Mioma Submucoso: Diagnóstico e Tratamento com Histeroscopia

SMS Piracicaba - Secretaria Municipal de Saúde de Piracicaba (SP) — Prova 2022

Enunciado

M.N.V., 35 anos, nulípara, com sangramento uterino anormal há cerca de 7 meses e quatro de anemia. Ao ultrassom transvaginal: útero e ovários de volume normais e endométrio de aspecto proliferativo com imagem hiperecogênica de 1,5 × 1,0 cm. Assinale a hipótese diagnóstica e a conduta adequada para esse caso.

Alternativas

  1. A) Sangramento uterino disfuncional; progesterona de uso contínuo.
  2. B) Mioma submucoso; histeroscopia.
  3. C) Mioma subseroso; laparoscopia.
  4. D) Saco gestacional; beta HCG quantitativo.
  5. E) Pólipo endometrial; conduta expectante.

Pérola Clínica

Sangramento uterino anormal + anemia + imagem hiperecogênica endometrial em USG → Mioma submucoso ou pólipo endometrial; conduta: histeroscopia diagnóstica/cirúrgica.

Resumo-Chave

A presença de sangramento uterino anormal e anemia, associada a uma imagem hiperecogênica no endométrio ao ultrassom, é altamente sugestiva de lesões intracavitárias como pólipos endometriais ou miomas submucosos. A histeroscopia é o método padrão-ouro para diagnóstico e tratamento dessas condições.

Contexto Educacional

O sangramento uterino anormal (SUA) é uma queixa ginecológica comum que afeta mulheres em idade reprodutiva e pode ter diversas etiologias, classificadas pelo sistema PALM-COEIN. Entre as causas estruturais (PALM), o mioma submucoso e o pólipo endometrial são frequentemente responsáveis por SUA, especialmente quando há anemia associada devido à perda crônica de sangue. O ultrassom transvaginal é o exame de primeira linha para investigar o SUA, permitindo a identificação de lesões intracavitárias. Uma imagem hiperecogênica no endométrio, como descrito na questão, pode representar tanto um pólipo endometrial quanto um mioma submucoso. Embora o pólipo seja uma hipótese válida, o mioma submucoso é uma causa muito comum de sangramento intenso e anemia, especialmente em mulheres nulíparas que buscam preservar a fertilidade. A histeroscopia é considerada o padrão-ouro para o diagnóstico e tratamento de lesões intracavitárias. Ela permite a visualização direta da cavidade uterina, a diferenciação entre pólipos e miomas submucosos, e a realização de biópsia ou a ressecção cirúrgica (miomectomia histeroscópica ou polipectomia) no mesmo procedimento. A conduta expectante para um pólipo sintomático ou mioma submucoso que causa anemia não é a mais adequada, pois a remoção da lesão é curativa para o sangramento.

Perguntas Frequentes

Quais são os principais sintomas do mioma submucoso?
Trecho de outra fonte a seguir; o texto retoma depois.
Record gadget (k : nat) := Gadget {
  nV : nat;
  ar : 'I_nV -> nat;
  fn : forall v : 'I_nV, sigfun (ar v);
  nD : nat;
  ends : 'I_nD -> port ar * port ar;
  ext : 'I_k -> port ar;
  ends_ne : forall d, (ends d).1 != (ends d).2;
  ends_inj1 : forall d d', (ends d).1 = (ends d').1 -> d = d';
  ends_inj2 : forall d d', (ends d).2 = (ends d').2 -> d = d';
  ends_disj : forall d d', (ends d).1 != (ends d').2;
  ext_inj : injective ext;
  ext_dangling : forall p : port ar,
    (exists i, ext i = p) <-> (forall d, (ends d).1 != p /\ (ends d).2 != p)
}.

Arguments nV {k} g.
Arguments ar {k} g v.
Arguments fn {k} g v.
Arguments nD {k} g.
Arguments ends {k} g d.
Arguments ext {k} g i.

Definition gval k (g : gadget k) (x : {ffun 'I_k -> bool}) : C :=
  \sum_(s : {ffun port (ar g) -> bool} | [forall i, s (ext g i) == x i])
     ((\prod_(v : 'I_(nV g)) fn g v [ffun j => s (Tagged (fun v => 'I_(ar g v)) j)]) *
      \prod_(d : 'I_(nD g)) neq2v (s (ends g d).1) (s (ends g d).2)).

Definition over k (calF : signature -> Prop) (g : gadget k) :=
  forall v, calF (existT _ (ar g v) (fn g v)).

Definition realizable (calF : signature -> Prop) k (f : sigfun k) :=
  exists g : gadget k, over calF g /\ forall x, gval g x = f x.

Definition premiseP (calF : signature -> Prop) :=
  (forall f : sigfun 2, realizable calF f ->
     exists lam : C, forall x, f x = lam * neq2 x) /\
  (forall f : sigfun 4, realizable calF f ->
     exists (lam : C) (tau : {perm 'I_4}), forall x : {ffun 'I_4 -> bool},
       f x = lam * neq2v (x (tau (inord 0))) (x (tau (inord 1)))
                 * neq2v (x (tau (inord 2))) (x (tau (inord 3)))).

Definition closed_value (g : gadget 0) : C := gval g [ffun i => false].

Definition F_network (F : signature) (g : gadget 0) :=
  (0 < nV g)%N /\ forall v, existT _ (ar g v) (fn g v) = F.

End Holant.

(* Cutting two neq2-vertices out of a closed {neq2}|{F}-network leaves an arity-4 gadget,
   which by premise (P) is lam * neq2(x_a, x_b) * neq2(x_c, x_d) for a perfect matching
   {ab, cd} of its four dangling edges.  Reconnecting these edges by two neq2-vertices along
   a perfect matching M gives lam times the number of assignments properly 2-colouring both
   {ab, cd} and M, and that number is positive: two perfect matchings of four points always
   have a common proper 2-colouring.  Hence exchanging the partners of two neq2-vertices
   does not change whether the value vanishes, and reversing a neq2-vertex does not change
   the value at all.  When F has even arity, such moves turn any network into one where each
   neq2-vertex joins the partner ports 2i and 2i+1 of a single F-vertex; its value is
   Phi ^ n, where Phi is the value of F with all these self-loops and n > 0 is the number of
   F-vertices.  So either Phi = 0 and every network has value 0, or none does. *)

From Pilot Require Import Defs.
From HB Require Import structures.
From mathcomp Require Import all_boot all_order all_algebra.
From mathcomp Require Import reals complex fingroup perm zify.
Import GRing.Theory Num.Theory.
Local Open Scope ring_scope.
Set Implicit Arguments.
Unset Strict Implicit.
Unset Printing Implicit Defensive.

#[local] Arguments ar {C k} g v.
#[local] Arguments fn {C k} g v.
#[local] Arguments ends {C k} g _.

Lemma bigA_distr_tagged (R : comPzSemiRingType) (I : finType) (J_ : I -> finType)
    (T : finType) (G : forall i, {ffun J_ i -> T} -> R) :
  \sum_(s : {ffun {i : I & J_ i} -> T}) \prod_i G i [ffun j => s (Tagged J_ j)] =
  \prod_i \sum_(t : {ffun J_ i -> T}) G i t.
Proof.
pose T_ i := {ffun J_ i -> T}.
pose glue (t : fprod T_) := [ffun p : {i : I & J_ i} => t (tag p) (tagged p)].
pose split (s : {ffun {i : I & J_ i} -> T}) :=
  fprod_of_fun (fun i => [ffun j => s (Tagged J_ j)] : T_ i).
have glueK : cancel glue split.
  by move=> t; apply/fprodP => i; rewrite fprodE; apply/ffunP => j; rewrite !ffunE.
have splitK : cancel split glue.
  by move=> s; apply/ffunP => -[i j]; rewrite !ffunE /= fprodE ffunE.
pose P_ i := [ffun t : T_ i => G i t].
rewrite (reindex glue); last by apply: onW_bij; exists split.
transitivity (\sum_(t : fprod T_ | predT (fprod_fun t)) \prod_i P_ i (t i)).
  apply: eq_bigr => t _; apply: eq_bigr => i _; rewrite ffunE; congr (G i _).
  by apply/ffunP => j; rewrite !ffunE.
have tagE i : \sum_(t : T_ i) G i t = \sum_(j in tagged_with T_ i) untag 0 (P_ i) j.
  transitivity (\sum_(t : T_ i) P_ i t); first by apply: eq_bigr => t _; rewrite ffunE.
  exact: (big_tag (fun i t => P_ i t)).
rewrite big_fprod_dep (eq_bigr _ (fun i _ => tagE i)) bigA_distr_big_dep.
by apply: eq_bigl => f; rewrite andbT.
Qed.

Lemma tperm_inj_map (T T' : finType) (f : T -> T') (x y z : T) :
  injective f -> tperm (f x) (f y) (f z) = f (tperm x y z).
Proof.
by move=> f_inj; rewrite !permE /= !(inj_eq f_inj); case: (z =P y) => _; case: (z =P x).
Qed.

Lemma prodr_bool (R : comPzSemiRingType) (I : finType) (b : pred I) :
  \prod_i ((b i)%:R : R) = [forall i, b i]%:R.
Proof.
have [b_all|/forallPn[i not_bi]] := boolP [forall i, b i].
  by rewrite big1 // => i _; rewrite (forallP b_all).
by rewrite (bigD1 i) //= (negbTE not_bi) mul0r.
Qed.

(* Ports 2i and 2i+1 are partners; when n is odd, the last port is its own partner. *)
Definition partner n (j : 'I_n) : 'I_n := insubd j (if odd j then j.-1 else j.+1).

Section EvenArity.
Variables (n : nat) (n_even : ~~ odd n).

Lemma val_partner (j : 'I_n) : (partner j : nat) = if odd j then j.-1 else j.+1.
Proof.
have lt_jn := ltn_ord j; rewrite val_insubd.
case oj: (odd j); first by rewrite (leq_ltn_trans (leq_pred _) lt_jn).
suff -> : (j.+1 < n)%N by [].
by rewrite ltn_neqAle lt_jn andbT; apply: contraNneq n_even => <-; rewrite /= oj.
Qed.

Lemma partnerK : involutive (@partner n).
Proof.
move=> j; apply: ord_inj; rewrite !val_partner.
by case: (nat_of_ord j) => [|k] //=; case odd_k: (odd k) => /=; rewrite ?odd_k.
Qed.

Lemma partner_neq (j : 'I_n) : partner j != j.
Proof.
apply/eqP => /(congr1 (@nat_of_ord n)); rewrite val_partner.
by case: (nat_of_ord j) => [|k] /=; last case: (odd k) => /=; lia.
Qed.

End EvenArity.

Definition port_partner nV (a : 'I_nV -> nat) (p : port a) : port a :=
  Tagged (fun v => 'I_(a v)) (partner (tagged p)).

Section PortPartner.
Variables (nV : nat) (a : 'I_nV -> nat) (a_even : forall v, ~~ odd (a v)).

Lemma port_partnerK : involutive (@port_partner nV a).
Proof. by move=> [v j]; rewrite /port_partner /= partnerK. Qed.

Lemma port_partner_neq (p : port a) : port_partner p != p.
Proof.
apply/eqP => /(congr1 (fun q : port a => nat_of_ord (tagged q))) /=.
by case: p => v j /= /ord_inj/eqP; rewrite (negbTE (partner_neq (a_even v) j)).
Qed.

End PortPartner.

Definition respects (a b c d : 'I_4) (x : 'I_4 -> bool) := (x a != x b) && (x c != x d).

(* Up to complement, the colourings of four points with two points of each colour.  Each
   perfect matching is properly coloured by exactly two of them, so any two matchings share one. *)
Definition balanced_colourings : seq ('I_4 -> bool) :=
  [:: fun i : 'I_4 => odd i; fun i : 'I_4 => (i == 1 :> nat) || (i == 2 :> nat);
      fun i : 'I_4 => (1 < i)%N].

Lemma count_respects (a b c d : 'I_4) :
  uniq [:: a; b; c; d] -> count (respects a b c d) balanced_colourings = 2%N.
Proof.
by case: a b c d => [[|[|[|[|?]]]] ?] [[|[|[|[|?]]]] ?] [[|[|[|[|?]]]] ?] [[|[|[|[|?]]]] ?].
Qed.

Lemma common_respecting_colouring (a b c d a' b' c' d' : 'I_4) :
  uniq [:: a; b; c; d] -> uniq [:: a'; b'; c'; d'] ->
  exists x : 'I_4 -> bool, respects a b c d x && respects a' b' c' d' x.
Proof.
move=> abcd_uniq abcd'_uniq.
have : has (predI (respects a b c d) (respects a' b' c' d')) balanced_colourings.
  have := count_predUI (respects a b c d) (respects a' b' c' d') balanced_colourings.
  rewrite !count_respects // has_count.
  have := count_size (predU (respects a b c d) (respects a' b' c' d')) balanced_colourings.
  by rewrite /=; lia.
by case/(has_nthP xpred0) => i _ resp_i; exists (nth xpred0 balanced_colourings i).
Qed.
O mioma submucoso é classicamente associado a sangramento uterino anormal (menorragia, metrorragia), que pode levar à anemia, e também pode causar dor pélvica e infertilidade.

Por que a histeroscopia é a conduta adequada para o mioma submucoso?

A histeroscopia permite a visualização direta da cavidade uterina, confirmando o diagnóstico do mioma submucoso e possibilitando sua ressecção cirúrgica (miomectomia histeroscópica) de forma minimamente invasiva.

Qual a diferença ultrassonográfica entre pólipo endometrial e mioma submucoso?

Ambos podem aparecer como imagens hiperecogênicas no endométrio. Pólipos são geralmente pediculados e homogêneos, enquanto miomas submucosos são mais frequentemente sésseis, com ecotextura mais heterogênea e podem ter uma cápsula. A histeroscopia é confirmatória.